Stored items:
▼
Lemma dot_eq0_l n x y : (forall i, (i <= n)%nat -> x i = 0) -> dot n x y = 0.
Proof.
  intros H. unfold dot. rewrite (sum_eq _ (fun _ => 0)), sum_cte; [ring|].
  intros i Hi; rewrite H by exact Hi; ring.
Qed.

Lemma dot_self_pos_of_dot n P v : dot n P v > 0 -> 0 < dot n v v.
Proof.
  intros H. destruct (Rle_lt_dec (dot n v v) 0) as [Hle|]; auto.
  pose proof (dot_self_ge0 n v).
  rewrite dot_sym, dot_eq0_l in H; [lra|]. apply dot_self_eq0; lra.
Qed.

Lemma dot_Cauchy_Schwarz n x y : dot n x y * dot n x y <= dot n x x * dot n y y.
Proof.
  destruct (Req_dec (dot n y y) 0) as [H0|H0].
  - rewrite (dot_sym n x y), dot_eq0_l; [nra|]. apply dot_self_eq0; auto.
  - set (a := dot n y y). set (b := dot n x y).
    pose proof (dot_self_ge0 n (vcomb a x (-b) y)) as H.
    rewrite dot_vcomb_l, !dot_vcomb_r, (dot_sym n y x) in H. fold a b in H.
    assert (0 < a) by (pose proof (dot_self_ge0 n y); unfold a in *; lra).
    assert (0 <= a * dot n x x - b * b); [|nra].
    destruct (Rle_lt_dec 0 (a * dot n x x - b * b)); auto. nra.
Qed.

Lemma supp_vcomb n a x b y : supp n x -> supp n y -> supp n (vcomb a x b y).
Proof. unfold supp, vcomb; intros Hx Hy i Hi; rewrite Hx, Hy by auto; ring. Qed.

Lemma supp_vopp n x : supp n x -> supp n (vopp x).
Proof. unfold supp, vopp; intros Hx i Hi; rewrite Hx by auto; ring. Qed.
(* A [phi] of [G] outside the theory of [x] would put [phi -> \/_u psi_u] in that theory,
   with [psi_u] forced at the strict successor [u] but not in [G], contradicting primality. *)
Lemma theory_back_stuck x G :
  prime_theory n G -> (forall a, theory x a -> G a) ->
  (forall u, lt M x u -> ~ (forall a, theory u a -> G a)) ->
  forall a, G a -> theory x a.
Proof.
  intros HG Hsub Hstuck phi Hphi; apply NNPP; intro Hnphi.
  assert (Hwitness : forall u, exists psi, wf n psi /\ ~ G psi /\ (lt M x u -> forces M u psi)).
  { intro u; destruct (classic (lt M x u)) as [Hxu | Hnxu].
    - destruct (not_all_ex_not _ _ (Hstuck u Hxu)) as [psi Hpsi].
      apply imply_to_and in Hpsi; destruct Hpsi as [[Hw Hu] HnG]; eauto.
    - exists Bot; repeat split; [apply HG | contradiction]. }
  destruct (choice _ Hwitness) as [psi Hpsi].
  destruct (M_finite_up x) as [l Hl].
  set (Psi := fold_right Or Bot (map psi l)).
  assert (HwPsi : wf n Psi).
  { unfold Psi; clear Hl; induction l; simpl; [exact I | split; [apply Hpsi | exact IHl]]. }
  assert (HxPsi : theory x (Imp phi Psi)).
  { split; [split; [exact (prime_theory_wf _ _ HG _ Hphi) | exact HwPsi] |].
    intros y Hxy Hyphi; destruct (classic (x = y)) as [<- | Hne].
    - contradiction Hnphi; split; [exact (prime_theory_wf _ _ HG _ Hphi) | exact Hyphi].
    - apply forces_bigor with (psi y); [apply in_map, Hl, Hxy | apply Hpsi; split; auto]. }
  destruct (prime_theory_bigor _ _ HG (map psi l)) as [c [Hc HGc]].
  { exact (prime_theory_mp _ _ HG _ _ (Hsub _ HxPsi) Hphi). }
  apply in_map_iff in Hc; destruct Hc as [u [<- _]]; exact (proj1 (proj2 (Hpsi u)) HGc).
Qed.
▲
▼
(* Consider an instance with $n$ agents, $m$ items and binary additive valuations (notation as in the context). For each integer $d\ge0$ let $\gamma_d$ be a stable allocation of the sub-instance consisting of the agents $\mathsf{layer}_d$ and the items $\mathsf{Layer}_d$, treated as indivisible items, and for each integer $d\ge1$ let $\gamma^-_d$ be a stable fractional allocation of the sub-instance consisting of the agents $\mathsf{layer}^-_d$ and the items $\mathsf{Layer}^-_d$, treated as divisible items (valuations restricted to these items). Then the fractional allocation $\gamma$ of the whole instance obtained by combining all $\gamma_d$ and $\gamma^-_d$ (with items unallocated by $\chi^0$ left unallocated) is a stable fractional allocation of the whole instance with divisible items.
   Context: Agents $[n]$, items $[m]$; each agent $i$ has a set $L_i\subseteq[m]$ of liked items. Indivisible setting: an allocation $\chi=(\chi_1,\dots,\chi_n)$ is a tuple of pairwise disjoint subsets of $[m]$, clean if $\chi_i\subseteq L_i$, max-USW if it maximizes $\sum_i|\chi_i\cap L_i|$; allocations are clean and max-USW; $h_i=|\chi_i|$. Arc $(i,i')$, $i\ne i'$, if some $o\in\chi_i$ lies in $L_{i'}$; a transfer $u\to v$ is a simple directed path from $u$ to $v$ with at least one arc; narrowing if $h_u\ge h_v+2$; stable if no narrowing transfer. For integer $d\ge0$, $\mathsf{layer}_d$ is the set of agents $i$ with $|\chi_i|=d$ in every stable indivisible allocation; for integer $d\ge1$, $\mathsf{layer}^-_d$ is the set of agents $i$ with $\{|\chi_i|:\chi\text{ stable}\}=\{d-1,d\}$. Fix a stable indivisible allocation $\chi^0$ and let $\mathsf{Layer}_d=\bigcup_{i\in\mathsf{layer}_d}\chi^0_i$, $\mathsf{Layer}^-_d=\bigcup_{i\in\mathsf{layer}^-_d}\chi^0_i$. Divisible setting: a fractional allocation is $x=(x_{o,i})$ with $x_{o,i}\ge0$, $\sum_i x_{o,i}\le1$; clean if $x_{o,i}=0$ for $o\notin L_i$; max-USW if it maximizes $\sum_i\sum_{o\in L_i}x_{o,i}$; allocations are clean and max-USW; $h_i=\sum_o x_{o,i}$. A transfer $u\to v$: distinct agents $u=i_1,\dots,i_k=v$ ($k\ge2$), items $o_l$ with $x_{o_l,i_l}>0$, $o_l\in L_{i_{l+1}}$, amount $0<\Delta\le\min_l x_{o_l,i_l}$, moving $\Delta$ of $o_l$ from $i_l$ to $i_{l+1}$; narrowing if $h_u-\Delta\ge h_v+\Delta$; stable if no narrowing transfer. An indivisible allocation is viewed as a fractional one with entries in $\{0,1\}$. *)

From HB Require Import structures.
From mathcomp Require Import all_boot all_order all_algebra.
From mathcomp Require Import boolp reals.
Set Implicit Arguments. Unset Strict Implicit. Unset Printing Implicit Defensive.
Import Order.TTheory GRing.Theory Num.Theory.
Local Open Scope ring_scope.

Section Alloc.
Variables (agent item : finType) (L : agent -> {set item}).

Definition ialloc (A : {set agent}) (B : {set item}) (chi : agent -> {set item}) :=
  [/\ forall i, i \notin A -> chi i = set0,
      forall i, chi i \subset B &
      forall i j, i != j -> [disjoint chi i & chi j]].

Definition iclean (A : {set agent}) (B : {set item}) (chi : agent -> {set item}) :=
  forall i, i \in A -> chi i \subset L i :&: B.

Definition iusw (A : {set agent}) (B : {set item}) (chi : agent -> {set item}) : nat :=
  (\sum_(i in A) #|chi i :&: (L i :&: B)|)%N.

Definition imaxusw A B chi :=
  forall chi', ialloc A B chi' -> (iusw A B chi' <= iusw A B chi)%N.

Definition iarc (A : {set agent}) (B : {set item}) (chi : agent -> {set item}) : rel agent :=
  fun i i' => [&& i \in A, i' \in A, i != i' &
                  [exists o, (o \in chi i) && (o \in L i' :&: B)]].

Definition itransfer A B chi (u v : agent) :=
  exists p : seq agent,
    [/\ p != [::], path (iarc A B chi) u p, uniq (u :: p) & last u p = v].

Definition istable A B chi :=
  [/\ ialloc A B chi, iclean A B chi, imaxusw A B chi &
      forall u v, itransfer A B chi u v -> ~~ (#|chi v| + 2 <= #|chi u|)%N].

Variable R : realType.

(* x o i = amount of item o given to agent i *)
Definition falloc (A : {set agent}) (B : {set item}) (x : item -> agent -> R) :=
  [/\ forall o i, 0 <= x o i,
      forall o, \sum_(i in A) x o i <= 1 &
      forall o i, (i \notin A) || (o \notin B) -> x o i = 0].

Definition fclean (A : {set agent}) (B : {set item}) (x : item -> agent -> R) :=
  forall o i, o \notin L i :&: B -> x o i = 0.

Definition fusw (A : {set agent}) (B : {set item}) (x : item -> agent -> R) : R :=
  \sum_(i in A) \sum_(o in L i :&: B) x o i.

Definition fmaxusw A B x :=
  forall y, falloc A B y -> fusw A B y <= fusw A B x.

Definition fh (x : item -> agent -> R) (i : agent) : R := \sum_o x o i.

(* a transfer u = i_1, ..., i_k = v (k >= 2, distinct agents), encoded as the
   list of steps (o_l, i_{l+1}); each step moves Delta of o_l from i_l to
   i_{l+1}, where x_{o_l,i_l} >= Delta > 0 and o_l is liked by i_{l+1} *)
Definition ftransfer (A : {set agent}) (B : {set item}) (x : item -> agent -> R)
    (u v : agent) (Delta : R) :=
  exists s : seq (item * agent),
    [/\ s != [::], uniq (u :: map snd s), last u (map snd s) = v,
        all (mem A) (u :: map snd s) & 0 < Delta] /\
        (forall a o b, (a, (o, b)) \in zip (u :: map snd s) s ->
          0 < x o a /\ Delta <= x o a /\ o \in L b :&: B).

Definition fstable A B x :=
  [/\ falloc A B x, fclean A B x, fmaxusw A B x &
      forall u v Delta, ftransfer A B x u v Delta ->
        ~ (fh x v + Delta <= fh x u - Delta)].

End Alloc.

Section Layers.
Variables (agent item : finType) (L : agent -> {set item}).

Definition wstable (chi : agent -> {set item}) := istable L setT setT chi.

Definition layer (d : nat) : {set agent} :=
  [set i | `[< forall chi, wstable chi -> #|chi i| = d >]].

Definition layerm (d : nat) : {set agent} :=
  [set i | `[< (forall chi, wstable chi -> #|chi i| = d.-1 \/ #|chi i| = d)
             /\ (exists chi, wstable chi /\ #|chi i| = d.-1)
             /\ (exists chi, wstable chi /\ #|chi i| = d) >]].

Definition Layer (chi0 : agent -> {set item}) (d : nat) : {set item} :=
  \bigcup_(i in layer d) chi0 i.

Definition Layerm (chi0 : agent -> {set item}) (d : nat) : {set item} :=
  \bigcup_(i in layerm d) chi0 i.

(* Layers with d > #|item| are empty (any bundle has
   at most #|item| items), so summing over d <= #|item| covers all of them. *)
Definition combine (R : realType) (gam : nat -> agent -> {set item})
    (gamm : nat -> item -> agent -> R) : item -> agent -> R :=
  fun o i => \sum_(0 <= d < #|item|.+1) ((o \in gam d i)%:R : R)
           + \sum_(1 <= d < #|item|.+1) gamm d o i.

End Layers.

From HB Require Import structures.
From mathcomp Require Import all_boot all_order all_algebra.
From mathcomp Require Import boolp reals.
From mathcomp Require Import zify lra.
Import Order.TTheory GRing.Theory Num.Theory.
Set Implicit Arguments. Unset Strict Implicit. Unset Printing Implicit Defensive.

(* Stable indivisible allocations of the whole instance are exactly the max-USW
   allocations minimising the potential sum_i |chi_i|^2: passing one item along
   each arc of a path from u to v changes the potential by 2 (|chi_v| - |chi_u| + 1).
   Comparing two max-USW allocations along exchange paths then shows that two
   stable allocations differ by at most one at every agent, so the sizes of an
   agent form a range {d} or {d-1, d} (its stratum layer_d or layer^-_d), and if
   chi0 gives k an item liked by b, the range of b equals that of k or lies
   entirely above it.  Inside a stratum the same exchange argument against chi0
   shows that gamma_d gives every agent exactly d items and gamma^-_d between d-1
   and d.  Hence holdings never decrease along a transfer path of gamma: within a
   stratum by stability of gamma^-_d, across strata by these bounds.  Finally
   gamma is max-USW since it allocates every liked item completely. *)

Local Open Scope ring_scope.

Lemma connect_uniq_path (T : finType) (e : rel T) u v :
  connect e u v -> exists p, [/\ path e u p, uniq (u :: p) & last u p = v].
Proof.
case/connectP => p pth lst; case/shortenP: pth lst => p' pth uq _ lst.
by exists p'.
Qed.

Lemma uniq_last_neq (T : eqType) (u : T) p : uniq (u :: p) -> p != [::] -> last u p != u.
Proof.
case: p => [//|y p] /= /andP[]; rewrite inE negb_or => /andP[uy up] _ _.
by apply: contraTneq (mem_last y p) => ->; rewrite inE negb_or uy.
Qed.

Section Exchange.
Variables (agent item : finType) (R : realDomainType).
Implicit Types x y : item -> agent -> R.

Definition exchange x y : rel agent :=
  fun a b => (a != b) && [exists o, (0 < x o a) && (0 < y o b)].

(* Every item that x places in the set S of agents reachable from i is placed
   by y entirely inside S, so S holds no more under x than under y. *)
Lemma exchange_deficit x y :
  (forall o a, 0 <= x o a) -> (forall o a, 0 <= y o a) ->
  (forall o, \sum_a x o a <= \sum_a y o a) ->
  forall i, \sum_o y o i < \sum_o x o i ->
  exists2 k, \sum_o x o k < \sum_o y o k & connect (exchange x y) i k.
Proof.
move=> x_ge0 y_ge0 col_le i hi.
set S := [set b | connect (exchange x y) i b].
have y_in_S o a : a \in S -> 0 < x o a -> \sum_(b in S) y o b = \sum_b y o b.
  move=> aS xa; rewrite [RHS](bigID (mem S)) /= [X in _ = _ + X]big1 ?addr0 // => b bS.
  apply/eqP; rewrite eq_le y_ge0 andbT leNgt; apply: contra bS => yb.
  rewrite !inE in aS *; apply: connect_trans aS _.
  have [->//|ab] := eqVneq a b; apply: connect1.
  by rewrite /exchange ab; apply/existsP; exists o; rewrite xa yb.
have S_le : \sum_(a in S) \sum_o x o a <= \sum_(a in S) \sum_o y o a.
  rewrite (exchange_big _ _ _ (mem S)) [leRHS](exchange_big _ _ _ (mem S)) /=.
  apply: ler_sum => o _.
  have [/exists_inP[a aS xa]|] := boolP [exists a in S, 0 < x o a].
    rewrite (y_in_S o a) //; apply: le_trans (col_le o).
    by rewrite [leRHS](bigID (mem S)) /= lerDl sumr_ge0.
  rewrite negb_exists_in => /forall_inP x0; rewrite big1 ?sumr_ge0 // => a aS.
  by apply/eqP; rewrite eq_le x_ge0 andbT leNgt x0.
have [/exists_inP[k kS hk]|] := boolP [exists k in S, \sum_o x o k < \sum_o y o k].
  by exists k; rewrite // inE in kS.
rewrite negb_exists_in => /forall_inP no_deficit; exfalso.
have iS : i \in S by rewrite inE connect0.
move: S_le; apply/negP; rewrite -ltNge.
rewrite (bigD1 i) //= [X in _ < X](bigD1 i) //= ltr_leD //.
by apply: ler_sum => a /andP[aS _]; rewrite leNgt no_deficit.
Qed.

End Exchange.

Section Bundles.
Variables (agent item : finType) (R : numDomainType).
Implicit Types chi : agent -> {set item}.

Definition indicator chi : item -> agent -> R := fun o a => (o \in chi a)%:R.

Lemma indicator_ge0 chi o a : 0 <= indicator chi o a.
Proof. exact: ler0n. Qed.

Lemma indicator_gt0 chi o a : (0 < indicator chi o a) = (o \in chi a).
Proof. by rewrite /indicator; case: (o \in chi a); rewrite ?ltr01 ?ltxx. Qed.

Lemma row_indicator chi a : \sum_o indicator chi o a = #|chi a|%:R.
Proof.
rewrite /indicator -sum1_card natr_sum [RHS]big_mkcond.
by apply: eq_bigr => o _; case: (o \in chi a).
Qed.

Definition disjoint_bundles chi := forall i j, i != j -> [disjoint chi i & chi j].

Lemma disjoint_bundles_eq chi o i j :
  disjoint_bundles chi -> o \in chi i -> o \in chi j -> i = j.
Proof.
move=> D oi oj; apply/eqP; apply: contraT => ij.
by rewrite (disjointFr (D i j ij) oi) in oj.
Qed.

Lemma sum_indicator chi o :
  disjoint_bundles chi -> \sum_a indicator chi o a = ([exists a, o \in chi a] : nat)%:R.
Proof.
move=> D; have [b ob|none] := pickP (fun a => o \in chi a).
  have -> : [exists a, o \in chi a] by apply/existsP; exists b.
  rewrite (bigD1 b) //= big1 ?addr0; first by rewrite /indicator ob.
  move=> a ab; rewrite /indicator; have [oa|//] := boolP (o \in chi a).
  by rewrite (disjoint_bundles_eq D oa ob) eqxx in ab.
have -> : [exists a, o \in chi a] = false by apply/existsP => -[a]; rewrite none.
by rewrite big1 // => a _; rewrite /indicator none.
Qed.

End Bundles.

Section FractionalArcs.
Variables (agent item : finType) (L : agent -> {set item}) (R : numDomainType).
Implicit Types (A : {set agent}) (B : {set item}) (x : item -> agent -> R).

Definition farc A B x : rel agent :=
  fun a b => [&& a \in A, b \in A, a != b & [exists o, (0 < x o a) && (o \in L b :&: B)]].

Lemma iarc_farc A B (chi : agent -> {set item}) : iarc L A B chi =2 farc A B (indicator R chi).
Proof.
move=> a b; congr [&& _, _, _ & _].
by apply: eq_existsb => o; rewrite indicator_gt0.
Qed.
▲
**TASK DETAILS:** Please output exactly the lines between the one holding "assert (0 <= a" and the one holding "Lemma supp_vcomb n" in the records above, inclusive, and nothing more.

**COMPLETED TASK:**
    assert (0 <= a * dot n x x - b * b); [|nra].
    destruct (Rle_lt_dec 0 (a * dot n x x - b * b)); auto. nra.
Qed.

Lemma supp_vcomb n a x b y : supp n x -> supp n y -> supp n (vcomb a x b y).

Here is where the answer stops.